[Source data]
(** If [f <= L] on a bounded interval [[t0, r)], then [f'] is bounded on
    [[T0, r)]: by the lower bound on the velocity, [ln f' - c ln (1 + f)] grows at
    most linearly. *)
Lemma f1_bounded (L T0 r : R) : tm = Finite r -> t0 < T0 < r ->
  (forall t, t0 <= t -> t < r -> f t <= L) ->
  exists M1, 0 < M1 /\ forall t, T0 <= t -> t < r -> f1 t <= M1.
Proof.
  intros Hr HT0 HL. destruct velocity_lower_bound as [m [Hm Hv]].
  assert (Hin : forall t, T0 <= t -> t < r -> t0 < t /\ Rbar_lt t tm) by (rewrite Hr; simpl; intros; lra).
  assert (HLb : beta <= L) by (destruct (Hin T0) as [? ?]; try lra; apply Rle_trans with (f T0);
    [apply f_ge_beta; auto; lra | apply HL; lra]).
  set (K := b * L / (m * t0)).
  assert (HK : 0 <= K) by (apply Rdiv_le_0_compat; nra).
  set (psi := fun t => c * ln (1 + f t) - ln (f1 t) + K * t).
  assert (Hmono : forall t, T0 <= t -> t < r -> psi T0 <= psi t).
  { intros t Ht Htr.
    apply (nondecreasing_closed T0 t psi (fun t => a / t - b * f t * (1 + f t) / (t ^ 2 * f1 t) + K)); auto.
    - destruct (Hin T0) as [H1 H2]; [lra | lra |].
      assert (Hf := f_ge_beta T0 (Rlt_le _ _ H1) H2). assert (Hf1 := f1_pos T0 (Rlt_le _ _ H1) H2).
      apply continuous_right_cont, cR_plus; [apply cR_minus | apply cR_scal, cR_id].
      + apply cR_scal, cR_ln; [apply cR_plus; [apply cR_const | apply f_continuous; auto] | lra].
      + apply cR_ln; [apply f1_continuous |]; auto.
    - intros s Hs. destruct (Hin s) as [H1 H2]; [lra | lra |].
      replace (a / s - b * f s * (1 + f s) / (s ^ 2 * f1 s) + K)
        with (plus (a / s - b * f s * (1 + f s) / (s ^ 2 * f1 s)) (K * 1)) by (unfold plus; simpl; ring).
      apply (is_derive_plus (V:=R_NormedModule)); [apply log_f1_is_derive; auto |].
      apply is_derive_scal, (is_derive_id (K:=R_AbsRing)).
    - intros s Hs. destruct (Hin s) as [H1 H2]; [lra | lra |].
      assert (b * f s * (1 + f s) / (s ^ 2 * f1 s) <= K) by
        (apply growth_term_bound; auto; [apply Hv; [lra | auto] | apply HL; lra]).
      assert (0 < a / s) by (apply Rdiv_lt_0_compat; lra). lra. }
  exists (exp (c * ln (1 + L) + K * r - psi T0)). split; [apply exp_pos |].
  intros t Ht Htr. specialize (Hmono t Ht Htr). unfold psi in Hmono.
  destruct (Hin t Ht Htr) as [H1 H2].
  assert (Hf := f_ge_beta t (Rlt_le _ _ H1) H2). assert (Hf1 := f1_pos t (Rlt_le _ _ H1) H2).
  assert (ln (1 + f t) <= ln (1 + L)) by (apply ln_le_compat; [| apply Rplus_le_compat_l, HL]; lra).
  assert (K * t <= K * r) by (apply Rmult_le_compat_l; lra).
  rewrite <- (exp_ln (f1 t)) by lra. apply exp_le_compat.
  assert (c * ln (1 + f t) <= c * ln (1 + L)) by (apply Rmult_le_compat_l; lra).
  unfold psi. lra.
Qed.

YOUR ASSIGNMENT: Copy out, exactly and alone, the lines of the entries above between the ones holding "Lemma f1_bounded (L" and "assert (HK : 0", inclusive.

WORKED SOLUTION:
Lemma f1_bounded (L T0 r : R) : tm = Finite r -> t0 < T0 < r ->
  (forall t, t0 <= t -> t < r -> f t <= L) ->
  exists M1, 0 < M1 /\ forall t, T0 <= t -> t < r -> f1 t <= M1.
Proof.
  intros Hr HT0 HL. destruct velocity_lower_bound as [m [Hm Hv]].
  assert (Hin : forall t, T0 <= t -> t < r -> t0 < t /\ Rbar_lt t tm) by (rewrite Hr; simpl; intros; lra).
  assert (HLb : beta <= L) by (destruct (Hin T0) as [? ?]; try lra; apply Rle_trans with (f T0);
    [apply f_ge_beta; auto; lra | apply HL; lra]).
  set (K := b * L / (m * t0)).
  assert (HK : 0 <= K) by (apply Rdiv_le_0_compat; nra).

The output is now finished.